Big promises can lead to better experiences

A $75 bottle of wine tastes better than a $14 bottle of wine. Even if you switch the wines. The promise implied in the price actually changes the way we experience the product.

Two things to keep in mind:

a. Giant promises lead to poor experiences. When you strain credulity and then fail to deliver on the miracle, we won't enjoy it, nor will we trust you again any time soon.

b. The reason we hesitate to make big promises is that we are afraid. Afraid to own it, afraid to be vulnerable in the face of possible disappointment.

Once you make a big promise, you have to work harder to keep it. Easier, it seems, to merely make tiny promises instead.

But the fact remains: Human beings have better experiences when they expect to have a better experience. To hold back on your promise is to deprive your customer of something valuable.

A promise doesn't have to be a grandiose statement, with or without fine print. It can be something as subtle as the music you hear when you walk into a restaurant or the respect a salesperson offers you when you first interact…

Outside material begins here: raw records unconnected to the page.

Lemma conches_adjoin y : ~ V y -> adjoin V y x.
Proof.
move=> nVy; apply: contrapT => nx; apply/nVy/(Vmax (adjoin_subring hV y)) => //.
- exact: adjoin_sub.
- exact: adjoin_sub.
- exact: adjoin_mem.
Qed.

Lemma conches_inv_1B a : V a -> V (1 - x^-1 * a)^-1.
Proof.
move=> Va; set u := 1 - x^-1 * a.
have Vu : V u by apply: (subringB hV); [apply: subring1 | apply: subringM].
have xu1 : x * (u - 1) = - a by rewrite /u addrAC subrr add0r mulrN mulVKf.
have u0 : u != 0.
  by apply/eqP => u0; apply: nVx; move: xu1; rewrite u0 sub0r mulrN1 => /oppr_inj ->.
(* Otherwise x u^k is in V for some k, but x u^k = x modulo V. *)
apply: contrapT => nVu; have [k Vk] := adjoinV_denom hV Vu u0 (conches_adjoin nVu).
have xuk : x * u ^+ k = x - a * \sum_(i < k) u ^+ i.
  by rewrite -[u ^+ k](subrK 1) subrX1 mulrDr mulr1 mulrA xu1 mulNr addrC.
apply: nVx; rewrite -[x](subrK (a * \sum_(i < k) u ^+ i)) -xuk.
apply: (subringD hV Vk); apply: (subringM hV Va).
by apply: (subring_sum hV) => i _; apply: subringX.
Qed.

Lemma conches_integrally_closed : integrally_closed_in V.
Proof.
(* If z is not in V then x is in V[z], hence integral over V, and x^-1 in V gives x in V. *)
move=> z intz; apply: contrapT => nVz; have [q Vq xqz] := conches_adjoin nVz.
have := integral_over_horner hV intz Vq; rewrite -xqz => intx.
exact/nVx/(integral_over_inv_mem hV x0 Vx' intx).
Qed.

Lemma conches_maximal : (forall y, adjoin V x y) -> maximal_subring V.
Proof.
move=> Vx_all; split => //; first by exists x.
move=> W hW [w nWw] VW; have [Wx|nWx] := pselect (W x); last exact: Vmax hW (VW _ Vx') nWx VW.
by case: (nWw (adjoin_min hW VW Wx (Vx_all w))).
Qed.

End ConchSubring.

Section ConchCriterion.
Variable K : fieldType.

Definition unit_decomposable (D : set K) (s : K) :=
  forall d, D d -> d != 0 ->
    exists k c h, [/\ D c, D c^-1, D h & d = s ^+ k * c * (1 - s * h)].

Lemma exists_conches_over (D : set K) x : is_subring D -> x != 0 -> D x^-1 -> ~ D x ->
  exists2 V, D `<=` V & conches V x.
Proof.
move=> hD x0 Dx' nDx.
pose P := [set A : set K | [/\ is_subring A, D `<=` A & ~ A x]].
have [V [hV DV nVx] Vmax] : exists2 V, P V & forall A, P A -> V `<=` A -> A `<=` V.
  apply: (Zorn_bigcup_nonempty (A0 := D)); first by split.
  move=> C CP Ctot [A CA]; split.
  - by apply: bigcup_chain_subring => // [B /CP[]|]; last by exists A.
  - by move=> y Dy; exists A => //; case: (CP _ CA) => _ DA _; apply: DA.
  - by move=> [B CB Bx]; case: (CP _ CB) => _ _; apply.
exists V => //; split=> //; first exact: DV.
by move=> W hW _ nWx VW; apply: Vmax => //; split=> //; apply: subset_trans VW.
Qed.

[I'm going to disagree with myself about a different sort of case–it is the promise that starts an ongoing experience. A promise just big enough to get me started on something that gets better all the time is the best way to engage, because that ever-improving experience will continue to delight and surprise, increasing my word of mouth and satisfaction. Alas, these sorts of experiences are hard to build and hard to find.]